Let be $A$ an integral operatore in $L^2(Q)$, $Q\subset \mathbb{R}^n$ defined as
$Af=\int_Q H(x,y)f(y)dy $, with $H(x,y)=\frac{K(x,y)}{|x-y|^a}$.
I want to show it can be approximated (in norm) by
$H_M=\begin{cases}H(x,y) & |x-y| > M\\\frac{K(x,y)}{M^a} & |x-y| <M\end{cases}.$
I am interested to $a < n$ , so that $H$ is in $L^1$ but not in $L^2$.
If I do
$|(A-A_M)f|^2=\int_{|x-y_1| <M}\int_{|x-y_2| <M} \ [ H(x,y_1)- H_M(x,y_1)] \ [ H(x,y_2)- H_M(x,y_2)]f(y_1)f(y_2)dy_1 dy_2$
the notes I am following say:
$2|f(y_1)f(y_2)|\le |f(y_1)|^2 + |f(y_2)|^2$ and so
$|(A-A_M)f|^2=\int |H(x,y_1)-H_M(x,y_1)|dy_1 \int |H(x,y_2)-H_M(x,y_2)||f(y_2)|^2dy_2$
(A) why? where is $f(y_1)$???
furthermore it say $\int |H(x,y_1)-H_M(x,y_1)|dy_1 \le 2 \int |H(x,y_1)|dy_1 \le C$
(B) second ineq is because $H \in L^1$, but what about first inequality?
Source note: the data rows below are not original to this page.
Lemma liftGroup_sub (H : {set tupleT Q}) : isSubgroupAut H -> isSubgroupAut (liftGroup i p H).
Proof.
case=> sHA H1 HM HV; split.
- by apply/subsetP=> g; rewrite inE => /andP[].
- by rewrite inE oneT_aut piOm_one H1.
- by move=> g h /setIdP[gA gH] /setIdP[hA hH]; rewrite inE mulT_aut // piOm_mul HM.
- by move=> g /setIdP[gA gH]; rewrite inE invT_aut // piOm_inv HV.
Qed.
End Omega.

Arguments extT {F Q a b i p} h M.
Arguments piOm_ext {F Q a b i p} h M.

Section LiftCount.
Variables (F : finFieldType) (Q : quiverRep F) (a b : qV Q).
Local Notation ma := (qdim a).
Local Notation mb := (qdim b).
Variables (i : 'M[F]_(ma, ma + mb)) (p : 'M[F]_(ma + mb, mb))
  (r : 'M[F]_(ma + mb, ma)) (s : 'M[F]_(mb, ma + mb)).
Hypothesis split : is_splitting i p r s.
Local Notation Om := (Omega i p).
Local Notation blockEnd := (blockEnd i p r s).

Variables (X : tupleT Q) (H : {set tupleT Q}).
Hypotheses (HX : X \in EndQ Q) (HH : isSubgroupAut H)
  (Hfix : forall g, g \in H -> conjT g X = X).

Definition liftAut (h : tupleT Q) (K : 'M[F]_(mb, ma)) : tupleT Om :=
  extT h (blockEnd (h a) K (h b)).

Definition liftEnd (C : 'M[F]_(mb, ma)) : tupleT Om := extT X (blockEnd (X a) C (X b)).

Lemma H_unit h c : h \in H -> h c \in unitmx.
Proof. by move=> hH; exact: subAut_unit HH hH c. Qed.

Lemma H_fix h c : h \in H -> invmx (h c) *m (X c *m h c) = X c.
Proof.
by move=> hH; have := congr1 (fun t : tupleT Q => t c) (Hfix hH); rewrite ffunE mulmxA.
Qed.

Lemma liftAutM h K h' K' :
  mulT (liftAut h K) (liftAut h' K') = liftAut (mulT h h') (K' *m h a + h' b *m K).
Proof. by apply/ffunP=> -[c|]; rewrite !ffunE // (blockEndM split). Qed.

Lemma liftAut_end h K : h \in H -> liftAut h K \in EndQ Om.
Proof.
move=> hH; have [sHA _ _ _] := HH; have [hE _ _] := autQP (subsetP sHA h hH).
rewrite endOmP piOm_ext !extT_Some !extT_None (blockEnd_i split) (blockEnd_p split).
by rewrite hE !eqxx.
Qed.

Lemma liftAut_aut h K : h \in H -> liftAut h K \in AutQ Om.
Proof.
move=> hH; have [_ _ _ HV] := HH.
rewrite inE liftAut_end //=; apply/existsP.
exists (liftAut (invT h) (- (invmx (h b) *m K *m invmx (h a)))).
rewrite liftAut_end ?HV //= !liftAutM mulTV ?mulVT => [|c|c]; try exact: H_unit.
rewrite !ffunE mulNmx -!mulmxA mulVmx ?H_unit // mulmx1 addNr mulmxN !mulmxA.
rewrite mulmxV ?H_unit // mul1mx addrN.
suff -> : liftAut (oneT Q) 0 = oneT Om by rewrite eqxx.
by apply/ffunP=> -[c|]; rewrite !ffunE // (blockEnd1 split).
Qed.

Lemma endOm_coord (Y : tupleT Om) : Y \in EndQ Om ->
  Y = extT (piOm Y) (blockEnd (piOm Y a) (s *m Y None *m r) (piOm Y b)).
Proof.
rewrite endOmP => /and3P[_ /eqP iY /eqP Yp].
by rewrite {1}(extT_eta Y); congr extT; apply: (blockEndP split); rewrite ?ffunE ?iY ?Yp.
Qed.

Lemma liftGroupE :
  liftGroup i p H = [set liftAut hK.1 hK.2 | hK in setX H [set: 'M[F]_(mb, ma)]].
Proof.
apply/setP=> g; rewrite inE; apply/andP/imsetP=> [[gA gH]|[[h K] /setXP[hH _] ->]].
  exists (piOm g, s *m g None *m r); first by rewrite in_setX gH inE.
  by apply: endOm_coord; case/autQP: gA.
by rewrite liftAut_aut // piOm_ext.
Qed.

Lemma liftAut_inj : injective (fun hK => liftAut hK.1 hK.2).
Proof.
move=> [h K] [h' K'] /= eqg.
have -> : h = h' by have := congr1 (fun t : tupleT Om => piOm t) eqg; rewrite /liftAut !piOm_ext.
have := congr1 (fun t : tupleT Om => t None) eqg; rewrite /= !ffunE.
by case/(blockEnd_inj split) => _ ->.
Qed.

Lemma card_liftGroup : #|liftGroup i p H| = (#|H| * #|F| ^ (mb * ma))%N.
Proof. by rewrite liftGroupE card_imset ?cardsX ?cardsT ?card_mx //; exact: liftAut_inj. Qed.

Lemma fibreE : fibre i p X = [set liftEnd C | C : 'M[F]_(mb, ma)].
Proof.
apply/setP=> Y; rewrite inE; apply/andP/imsetP=> [[YE /eqP YX]|[C _ ->]].
  by exists (s *m Y None *m r) => //; rewrite /liftEnd {1}(endOm_coord YE) YX.
rewrite /liftEnd piOm_ext eqxx endOmP piOm_ext !extT_Some !extT_None.
by rewrite (blockEnd_i split) (blockEnd_p split) ?HX ?eqxx.
Qed.

Lemma liftEnd_inj : injective liftEnd.
Proof.
move=> C C' eqY; have := congr1 (fun t : tupleT Om => t None) eqY; rewrite /= !ffunE.
by case/(blockEnd_inj split).
Qed.

(* Conjugation in coordinates: since h fixes X, conjugating liftEnd C by
   liftAut h K only changes the off-diagonal block. *)
Lemma conj_liftAut h K C : h \in H ->
  conjT (liftAut h K) (liftEnd C) = liftEnd (invmx (h b) *m (C *m h a + X b *m K - K *m X a)).
Proof.
move=> hH; apply/ffunP=> -[c|]; rewrite !ffunE; first by rewrite -mulmxA H_fix.
rewrite (blockEndV split) ?H_unit // !(blockEndM split) -!mulmxA !H_fix //; congr blockEnd.
rewrite !mulmxDl !mulNmx -!mulmxA H_fix // !mulmxDr mulmxN.
by rewrite [RHS]addrC addrA.
Qed.

Lemma liftAut_fix h K C : h \in H ->
  (conjT (liftAut h K) (liftEnd C) == liftEnd C) = (X b *m K - K *m X a == h b *m C - C *m h a).
Proof.
move=> hH; have hbU := H_unit b hH.
rewrite conj_liftAut // (inj_eq liftEnd_inj); apply/eqP/eqP=> eqC.
  by rewrite -{1}eqC mulKVmx // addrAC [C *m h a + _]addrC addrK.
by rewrite -addrA eqC addrCA subrr addr0 mulKmx.
Qed.

Lemma card_fix_liftAut h K : h \in H ->
  #|[set Y in fibre i p X | conjT (liftAut h K) Y == Y]| =
  #|[set C | X b *m K - K *m X a == h b *m C - C *m h a]|.
Proof.
move=> hH; rewrite fibreE -(card_in_imset (in2W liftEnd_inj)); apply: eq_card => Y.
rewrite !inE; apply/andP/imsetP=> [[/imsetP[C _ ->] fixC]|[C]].
  by exists C => //; rewrite inE -liftAut_fix.
by rewrite inE -liftAut_fix // => fixC ->; split; [apply/imsetP; exists C|].
Qed.

Lemma actI_Iset h R : h \in H -> R \in Iset X a b -> actI h R \in Iset X a b.
Proof.
move=> hH; rewrite !inE /actI => /eqP XR.
have Xa_ha : X a *m invmx (h a) = invmx (h a) *m X a.
  by rewrite -{1}(H_fix a hH) -!mulmxA mulmxV ?H_unit // mulmx1.
have hb_Xb : h b *m X b = X b *m h b.
  by rewrite -{1}(H_fix b hH) mulmxA mulmxV ?H_unit // mul1mx.
by rewrite !mulmxA Xa_ha -(mulmxA _ (X a)) XR -!mulmxA hb_Xb.
Qed.

Lemma conjT_fibre g Y : g \in liftGroup i p H -> Y \in fibre i p X -> conjT g Y \in fibre i p X.
Proof.
move=> /setIdP[gA gH] /setIdP[YE /eqP YX].
by rewrite inE conjT_end //= piOm_conj YX Hfix.
Qed.

Let q_pow_gt0 k : (0 < #|F| ^ k)%N.
Proof. by rewrite expn_gt0; apply/orP; left; apply/card_gt0P; exists 0. Qed.

(* For fixed h, the pairs (K, C) with X_b K - K X_a = h_b C - C h_a are the
   coincidences of two Sylvester operators; by duality for the trace form
   they are counted by the intertwiners R in I(X_a, X_b) fixed by h. *)
Lemma sum_card_fix h : h \in H ->
  (\sum_(K : 'M[F]_(mb, ma)) #|[set C | (X b *m K - K *m X a == h b *m C - C *m h a)%R]|
   = #|[set R in Iset X a b | actI h R == R]| * #|F| ^ (mb * ma))%N.
Proof.
move=> hH; rewrite -card_pairs.
pose L1 := sylvester (X b) (X a); pose L2 := sylvester (h b) (h a).
have vec_bij : bijective (fun KC : 'M[F]_(mb, ma) * 'M[F]_(mb, ma) => (mxvec KC.1, mxvec KC.2)).
  exists (fun x : 'rV_(mb * ma) * 'rV_(mb * ma) => (vec_mx x.1, vec_mx x.2)).
    by move=> [K C]; rewrite /= !mxvecK.
  by move=> [x y]; rewrite /= !vec_mxK.
have trvec_bij : bijective (fun R : 'M[F]_(ma, mb) => mxvec R^T).
  by exists (fun u => (vec_mx u)^T) => [R|u]; rewrite ?mxvecK ?trmxK ?vec_mxK.
have pairsE : #|[set KC : 'M[F]_(mb, ma) * 'M[F]_(mb, ma) |
                  X b *m KC.1 - KC.1 *m X a == h b *m KC.2 - KC.2 *m h a]|
             = #|[set x : 'rV_(mb * ma) * 'rV_(mb * ma) | x.1 *m L1 == x.2 *m L2]|.
  rewrite (card_bij_pred (fun x : 'rV_(mb * ma) * 'rV_(mb * ma) => x.1 *m L1 == x.2 *m L2)
             vec_bij).
  by apply: eq_card => -[K C]; rewrite !inE /= !sylvesterE (can_eq mxvecK).
have fixE : #|[set R in Iset X a b | actI h R == R]|
            = #|[set u : 'rV_(mb * ma) | (u *m L1^T == 0) && (u *m L2^T == 0)]|.
  rewrite (card_bij_pred (fun u : 'rV_(mb * ma) => (u *m L1^T == 0) && (u *m L2^T == 0))
             trvec_bij).
  apply: eq_card => R; rewrite !inE !sylvester_tr_ker eq_sym; congr (_ && _).
  rewrite /actI; apply/eqP/eqP=> [fixR|intertw].
    by rewrite -{2}fixR !mulmxA mulmxV ?H_unit // mul1mx.
  by rewrite -mulmxA intertw mulKmx ?H_unit.
rewrite pairsE fixE; apply/eqP.
by rewrite -(eqn_pmul2r (q_pow_gt0 (mb * ma))) -mulnA -expnD card_coincidences.
Qed.
(* Let $G$ be an arbitrary connected graph on $n$ vertices, let $0<p<\frac{1}{2}$ be a noise parameter and let $0<\delta<\frac{1}{2}$ be a confidence threshold. There exists an adaptive graph searching algorithm (in the noisy graph search model described in the context, with an adversarially fixed target) that, after $$\frac{1}{I(p)}\left(\log_2 n + \mathcal{O}\big(\sqrt{\log n \log \delta^{-1}}\big) + \mathcal{O}(\log \delta^{-1})\right)$$ queries, returns the target correctly with probability at least $1-\delta$, for every choice of the target.
   Context: Noisy graph search model: $G=(V,E)$ is an undirected, unweighted connected graph and $v^*\in V$ is an unknown target. In each step the algorithm queries a vertex $q$. A correct answer is ''yes'' if $q=v^*$, and otherwise is a neighbor $u$ of $q$ lying on a shortest path from $q$ to $v^*$. Each answer, independently, is erroneous with probability $p$ (in which case it may be an arbitrary different answer); otherwise it is correct. The algorithm is adaptive (queries may depend on previous answers). In the adversarial model the target is fixed before the search by an adversary who knows the algorithm. $H(p)=-p\log_2 p-(1-p)\log_2(1-p)$ and $I(p)=1-H(p)$. *)

From Stdlib Require Import Reals.
From mathcomp Require Import all_boot all_order all_algebra.
From mathcomp Require Import Rstruct.
(* For every positive integer $n$, the morphism $\mathrm{Hank}_n\times\phi_n:\mathcal{F}_n\to\mathcal{H}_n\times\mathbf{A}^1$ is a $\mathbf{G}_a$-equivariant isomorphism of schemes.
   Context: Let $k$ be a field; schemes are over $k$. For a $k$-algebra $R$, $\mathcal{F}_n(R)$ is the set of pairs $(A,B)$ of polynomials in $R[X]$ with $A$ monic of degree $n$, $\deg B<n$, $\mathrm{res}_{n,n}(A,B)\in R^\times$. $\mathcal{H}_n$ is the closed subscheme of non-degenerate symmetric $n\times n$ matrices consisting of Hankel matrices (entries $s_{p,q}$ depending only on $p+q$). Bézout form: writing $\frac{A(X)B(Y)-A(Y)B(X)}{X-Y}=\sum_{1\le p,q\le n}c_{p,q}X^{p-1}Y^{q-1}$, $\mathrm{B\acute{e}z}_n(A,B)=[c_{p,q}]$, an invertible symmetric matrix; $\mathrm{Hank}_n(A,B):=\mathrm{B\acute{e}z}_n(A,B)^{-1}$, which is a Hankel matrix. $\phi_n(A,B)$ is the opposite of the coefficient of $X^{n-1}$ in $V_1$, where $(U_1,V_1)$ is the unique pair of polynomials with $\deg U_1=n-1$, $\deg V_1\le n-1$, $AU_1+BV_1=X^{2n-1}$. $\mathbf{G}_a$ acts on $\mathcal{F}_n$ by $h\cdot\frac{A}{B}=\frac{A+hB}{B}$, trivially on $\mathcal{H}_n$, and by translation on $\mathbf{A}^1$. *)

(* Affine schemes are handled through their functor of points
   on commutative k-algebras. *)
From HB Require Import structures.
From mathcomp Require Import all_boot all_order all_algebra.
From Stdlib Require Import ClassicalEpsilon.
Set Implicit Arguments.
Unset Strict Implicit.
Unset Printing Implicit Defensive.
Import Order.TTheory GRing.Theory Num.Theory.
Local Open Scope ring_scope.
then, for any fixed $y$ I have,
$\int |H(x,y)-H_M(x,y)|dy \le 2 \int_{|x-y| <M} |K(x,y)|\frac{1}{|x-y|^a}dx \le C\frac{1}{M^{n-a}}$
(C) why $\frac{1}{M^{n-a}}$?
finally, integrated by $dx$ one should have
$\|(A-A_M)f\|^2 \le C \int |H(x,y_2)-H_M(x,y_2)||f(y_2)|^2dy_2 dx \le C \frac{1}{M^{n-a}}\|f\|^2$
and this is good, supposing (A-C) right
any help to understand that?